As for academics and charity, the US is a big leader there as well. Dry up research money and you dry up innovation. China will probably over take us in human brain horsepower, if they haven't already, but I imagine there will be substantial barriers to getting Chinese tech out to the world in ways that would supplant the current financial model.

AI is really the thing that will throw some body blows to US healthcare. The primary care world in particular is gonna see AI driven algorithms make better diagnoses than a human, provided humans cooperate to train it. Obviously an AI can't deliver a baby but it can be there every day during the pregnancy to remind the mom to take care of herself, do kick counts and kegels, all the stuff docs say to do but can't enforce, as well as catch pre-eclampsia or gestational diabetes far earlier.
 

jason10mm

Gold Member
It's just this:


edit: would be reaaaaally interesting to find out why it happened. Daughter dying to lack of care which should have been provided would be movie material.

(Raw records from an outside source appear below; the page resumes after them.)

Definition down_ops (L : FrameOps) (HL : is_frame L) (a : L) : FrameOps := {|
  fcar := { x : L | fle x a };
  fle := fun x y => fle (proj1_sig x) (proj1_sig y);
  fmeet := fun x y => exist _ (fmeet (proj1_sig x) (proj1_sig y))
                           (le_meet_l HL (proj1_sig y) (proj2_sig x));
  fsup := fun I g => exist _ (fsup I (fun i => proj1_sig (g i)))
                          (proj2 (@fr_sup L HL I (fun i => proj1_sig (g i)) a)
                                 (fun i => proj2_sig (g i)));
  ftop := exist (fun x => fle x a) a (fr_refl HL a)
|}.

(** Phi(f)(u) = {x in L | x <= f u}, restriction x |-> x /\ f v; the left adjoint
    of the restriction is the inclusion (left adjoints are unique). *)
Definition Phi_data (O : FrameOps) (HO : is_frame O) (A : CObj O) : FSheaf O := {|
  sec := fun u => down_ops (cL_frame A) (cf A u);
  res := fun u v H x => exist _ (fmeet (proj1_sig x) (cf A v))
                             (le_meet_r (cL_frame A) (proj1_sig x) (cf A v));
  ladj := fun u v H y => exist _ (proj1_sig y)
             (fr_trans (cL_frame A) (proj2_sig y)
                (hom_mono HO (cL_frame A) (cf_hom A) H))
|}.

Definition Phi_mor (O : FrameOps) (HO : is_frame O) (A B : CObj O) (h : CMor A B) :
  forall u : O, sec (Phi_data HO A) u -> sec (Phi_data HO B) u :=
  fun u x => exist _ (h (proj1_sig x)) (cmor_le h (proj2_sig x)).

Definition Psi_L (O : FrameOps) (F : FSheaf O) : FrameOps := sec F ftop.

Definition Psi_f (O : FrameOps) (HO : is_frame O) (F : FSheaf O) : O -> Psi_L F :=
  fun u => ladj F ftop u (fr_top HO u) ftop.

Definition Psi_mor (O : FrameOps) (F G : FSh O) (a : FSMor F G) : Psi_L F -> Psi_L G :=
  a ftop.

Arguments is_fs_mor {O} F G a.
Arguments Phi_mor {O} HO {A B} h u x.
Arguments Phi_data {O} HO A.
Arguments Psi_f {O} HO F u.

From Stdlib Require Import ProofIrrelevance FunctionalExtensionality.

(* [Phi f] is the sheaf of down-sets [u |-> {x | x <= f u}]: a compatible family
   glues to its join, and the sheaf axioms reduce to distributivity over the cover
   [f u = \/ f (c i)]; the right adjoint of [x |-> x /\ f v] is [y |-> f u /\ (f v => y)].
   Conversely, in a frame sheaf every restriction has both adjoints, hence is a frame
   homomorphism, and Frobenius gives [l (res x) = x /\ l top]; so [l_{u,1}] and [res_{1,u}]
   identify [F u] with the down-set of [l_{u,1} top] in [F 1].  The map
   [u |-> l_{u,1} top] preserves joins by the separation axiom (POS3) and binary meets
   by gluing [top] on [u] with [l_{u/\v,v} top] on [v]. *)

Lemma proj1_sig_inj (A : Type) (P : A -> Prop) (x y : sig P) :
  proj1_sig x = proj1_sig y -> x = y.
Proof. apply eq_sig_hprop. intros; apply proof_irrelevance. Qed.

Section FrameFacts.
Context {L : FrameOps} (HL : is_frame L).

Lemma meet_lb_l (x y : L) : fle (fmeet x y) x.
Proof. exact (proj1 (proj1 (fr_meet HL x y _) (fr_refl HL _))). Qed.
(* Let $C$ be a linear code over $\mathbb{Z}_4$ of length $n$ and type $4^{k_1}2^{k_2}$, with generator matrix $G\in\mathbb{Z}_4^{(k_1+k_2)\times n}$. Suppose no column of $G$ lies in $(2\mathbb{Z}_4)^{k_1+k_2}$, and let $\mathbf{S}$ be a coset of $(2\mathbb{Z}_4)^{k_1+k_2}$ in $\mathbb{Z}_4^{k_1+k_2}$ other than $(2\mathbb{Z}_4)^{k_1+k_2}$ itself. Then $$\sum_{\mathbf{x}\in\mathbf{S}}w_L(\mathbf{x}G)=2^{k_1+k_2}n.$$
   Context: A linear code of length $n$ over $\mathbb{Z}_4$ is a $\mathbb{Z}_4$-submodule of $\mathbb{Z}_4^n$, of type $4^{k_1}2^{k_2}$ if isomorphic to $\mathbb{Z}_4^{k_1}\times\mathbb{Z}_2^{k_2}$. A generator matrix is a matrix whose rows generate the code and no proper subset of whose rows does. $2\mathbb{Z}_4=\{0,2\}$. Lee weight: $w_L(0)=0,w_L(1)=1,w_L(2)=2,w_L(3)=1$, additive on vectors. *)

From HB Require Import structures.
From mathcomp Require Import all_boot all_order all_algebra.
Set Implicit Arguments. Unset Strict Implicit. Unset Printing Implicit Defensive.
Import GRing.Theory.
Local Open Scope ring_scope.

Definition leeZ4 (a : 'Z_4) : nat :=
  match nat_of_ord a with 0 => 0 | 1 => 1 | 2 => 2 | _ => 1 end%N.

Definition leeW n (x : 'rV['Z_4]_n) : nat := (\sum_(j < n) leeZ4 (x ord0 j))%N.

Definition in2Z4 (a : 'Z_4) : bool := (a == 0) || (a == 2).

Definition twoZ4vec m : {set 'rV['Z_4]_m} := [set x : 'rV['Z_4]_m | [forall i, in2Z4 (x ord0 i)]].

Definition linear_code n (C : {set 'rV['Z_4]_n}) : Prop :=
  0 \in C /\ (forall x y, x \in C -> y \in C -> x + y \in C)
  /\ (forall (a : 'Z_4) x, x \in C -> a *: x \in C).

(* C is isomorphic (as a Z_4-module, i.e. as an abelian group) to
   Z_4^k1 x Z_2^k2. *)
Definition code_type n (C : {set 'rV['Z_4]_n}) (k1 k2 : nat) : Prop :=
  exists f : 'rV['Z_4]_k1 * 'rV['Z_2]_k2 -> 'rV['Z_4]_n,
    [/\ forall u v, f (u + v) = f u + f v,
        injective f &
        forall x, x \in C <-> exists u, x = f u].

Definition rows_span m n (G : 'M['Z_4]_(m, n)) (I : {set 'I_m}) : {set 'rV['Z_4]_n} :=
  [set u *m G | u in [set u : 'rV['Z_4]_m | [forall i, (i \notin I) ==> (u ord0 i == 0)]]].

Definition generator_matrix m n (G : 'M['Z_4]_(m, n)) (C : {set 'rV['Z_4]_n}) : Prop :=
  rows_span G setT = C /\
  (forall I : {set 'I_m}, I != setT -> rows_span G I != C).

From mathcomp Require Import all_boot all_order all_algebra.
Local Open Scope ring_scope.
Import GRing.Theory.

(* Fix a column j of G and an odd entry G i j.  Translating x by 2 e_i inside
   the coset adds 2 to the j-th coordinate of x G, and w_L(a) + w_L(a + 2) = 2
   for every a in Z_4.  So the coset splits into pairs each contributing 2 to
   coordinate j, i.e. coordinate j contributes |S| = 2^(k1+k2) in total. *)

Lemma in2Z4D (a b : 'Z_4) : in2Z4 a -> in2Z4 b -> in2Z4 (a + b).
Proof. by case: a => [[|[|[|[|a]]]] ?] //; case: b => [[|[|[|[|b]]]] ?]. Qed.

Lemma in2Z4N (a : 'Z_4) : in2Z4 (- a) = in2Z4 a.
Proof. by case: a => [[|[|[|[|a]]]] ?]. Qed.

Lemma leeZ4_add2 (a : 'Z_4) : (leeZ4 a + leeZ4 (a + 2)%R)%N = 2%N.
Proof. by case: a => [[|[|[|[|a]]]] ?]. Qed.

Lemma mul2_notin2Z4 (b : 'Z_4) : ~~ in2Z4 b -> 2 * b = 2.
Proof. by case: b => [[|[|[|[|b]]]] ?] // _; apply/val_inj. Qed.

Lemma twoZ4vecP m (x : 'rV['Z_4]_m) :
  reflect (forall i, in2Z4 (x ord0 i)) (x \in twoZ4vec m).
Proof. by rewrite inE; apply: forallP. Qed.

Lemma twoZ4vecD m (x y : 'rV['Z_4]_m) :
  x \in twoZ4vec m -> y \in twoZ4vec m -> x + y \in twoZ4vec m.
Proof.
by move=> /twoZ4vecP Hx /twoZ4vecP Hy; apply/twoZ4vecP => i; rewrite mxE in2Z4D.
Qed.

Lemma twoZ4vecN m (x : 'rV['Z_4]_m) : (- x \in twoZ4vec m) = (x \in twoZ4vec m).
Proof.
by apply/twoZ4vecP/twoZ4vecP => Hx i; have := Hx i; rewrite mxE in2Z4N.
Qed.

Lemma twoZ4vec_addr m (d y : 'rV['Z_4]_m) :
  d \in twoZ4vec m -> (y + d \in twoZ4vec m) = (y \in twoZ4vec m).
Proof.
move=> Hd; apply/idP/idP => Hy; last exact: twoZ4vecD.
by rewrite -(addrK d y) twoZ4vecD ?twoZ4vecN.
Qed.

Lemma card_twoZ4vec m : #|twoZ4vec m| = (2 ^ m)%N.
Proof.
pose h (b : {ffun 'I_m -> bool}) : 'rV['Z_4]_m := \row_k (if b k then 2 else 0).
have h_inj : injective h.
  move=> b1 b2 /rowP E; apply/ffunP => k; have := E k; rewrite !mxE.
  by case: (b1 k); case: (b2 k).
have -> : twoZ4vec m = h @: setT.
  apply/setP => x; apply/twoZ4vecP/imsetP => [Hx | [b _ ->] k].
  - exists [ffun k => x ord0 k == 2] => //; apply/rowP => k.
    by rewrite !mxE ffunE; case/orP: (Hx k) => /eqP ->.
  - by rewrite mxE; case: (b k).
by rewrite card_imset // cardsT card_ffun card_bool card_ord.
Qed.

Lemma sum_translation_pairs (V : finZmodType) (T : {set V}) (d : V)
    (F : V -> nat) (c : nat) :
  (forall y, (y + d \in T) = (y \in T)) ->
  (forall y, F y + F (y + d)%R = c)%N ->
  (2 * \sum_(y in T) F y = c * #|T|)%N.
Proof.
move=> Td HF.
have shift : (\sum_(y in T) F (y + d)%R = \sum_(y in T) F y)%N.
  rewrite [RHS](reindex_inj (addIr d)) /=.
  by apply: eq_bigl => y; rewrite Td.
rewrite mulSn mul1n -{2}shift -big_split /= mulnC -sum_nat_const.
by apply: eq_bigr => y _; rewrite HF.
Qed.

Lemma sum_leeZ4_column m n (G : 'M['Z_4]_(m, n)) (v : 'rV['Z_4]_m) (i : 'I_m)
    (j : 'I_n) :
  ~~ in2Z4 (G i j) ->
  (\sum_(x in twoZ4vec m) leeZ4 (((v + x)%R *m G) ord0 j))%N = (2 ^ m)%N.
Proof.
move=> Gij_odd; pose d : 'rV['Z_4]_m := 2 *: delta_mx 0 i.
have d_in : d \in twoZ4vec m.
  by apply/twoZ4vecP => k; rewrite !mxE; case: (k == i); rewrite ?mulr1 ?mulr0.
have dG : (d *m G) ord0 j = 2.
  by rewrite -scalemxAl -rowE !mxE mul2_notin2Z4.
apply/eqP; rewrite -card_twoZ4vec -(eqn_pmul2l (isT : 0 < 2)%N).
rewrite (@sum_translation_pairs _ _ d _ 2) // => [y|y].
  exact: twoZ4vec_addr.
have -> : ((v + (y + d)) *m G) ord0 j = ((v + y) *m G) ord0 j + 2.
  by rewrite addrA [(v + y + d) *m G]mulmxDl mxE dG.
exact: leeZ4_add2.
Qed.

Theorem corollary3p7 (n k1 k2 : nat) (C : {set 'rV['Z_4]_n})
    (G : 'M['Z_4]_(k1 + k2, n)) (S : {set 'rV['Z_4]_(k1 + k2)}) :
  linear_code C ->
  code_type C k1 k2 ->
  generator_matrix G C ->
  (forall j : 'I_n, exists i : 'I_(k1 + k2), ~~ in2Z4 (G i j)) ->
  (exists v : 'rV['Z_4]_(k1 + k2), S = [set v + x | x in twoZ4vec (k1 + k2)]) ->
  S != twoZ4vec (k1 + k2) ->
  (\sum_(x in S) leeW (x *m G))%N = (2 ^ (k1 + k2) * n)%N.
Proof.
move=> _ _ _ col_odd [v ->] _.
rewrite big_imset /=; last by move=> x y _ _; apply: addrI.
rewrite exchange_big /= (eq_bigr (fun=> 2 ^ (k1 + k2))%N) => [|j _].
  by rewrite sum_nat_const card_ord mulnC.
have [i Gij_odd] := col_odd j.
exact: sum_leeZ4_column Gij_odd.
Qed.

See, for that to be true they would have had to exhaust all the Chairty networks like St. Judes. It would be more like the daughter didn't get some sort of experimental treatment that wasn't fully FDA approved, which kinda makes sense because there is no obligation for an insurance company to pay for EVERY possible treatment, even experimental ones. Thats usually trhe realm of research clinical trials and those can be hard to get in to.

A more likely scenario would be a family that had someone succumb to a disease after mortgaging all their assets to the hilt to pay for care and now they are financially destroyed and hounded by collection agencies.
 

EviLore

Expansive Ellipses
Staff Member
It's just this:

Sure, but it should be noted that we do not actually know the killer’s motives or background yet. Many are assuming he is responding to personal tragedy or, as Kosmo called it, perpetrated a “revolutionary act” as if he took the country’s collective suffering on his shoulders and acted for a righteous cause.

Someone willing to do this is probably not a great guy.
 

notseqi

Member
See, for that to be true they would have had to exhaust all the Chairty networks like St. Judes. It would be more like the daughter didn't get some sort of experimental treatment that wasn't fully FDA approved, which kinda makes sense because there is no obligation for an insurance company to pay for EVERY possible treatment, even experimental ones. Thats usually trhe realm of research clinical trials and those can be hard to get in to.

A more likely scenario would be a family that had someone succumb to a disease after mortgaging all their assets to the hilt to pay for care and now they are financially destroyed and hounded by collection agencies.
we can workshop the script but no family member of mine would be checking out due to errybody in the family shrugging because the cost is too high, i just kept the motive short n sweet

Someone willing to do this is probably not a great guy.
desperation and deeply held anger due to loss is probably the only thing i could empathize with, thats why I posted the video of Chris Rock saying 'I wouldnt do it but I understand why somebody would'
I think that many posters in here on the side of 'why do you enjoy this guy getting killed' are equating the amount of glee or empathy displayed by others with a 'yeah lets do em, boys' attitude, which I would not accuse all of the good people in here of.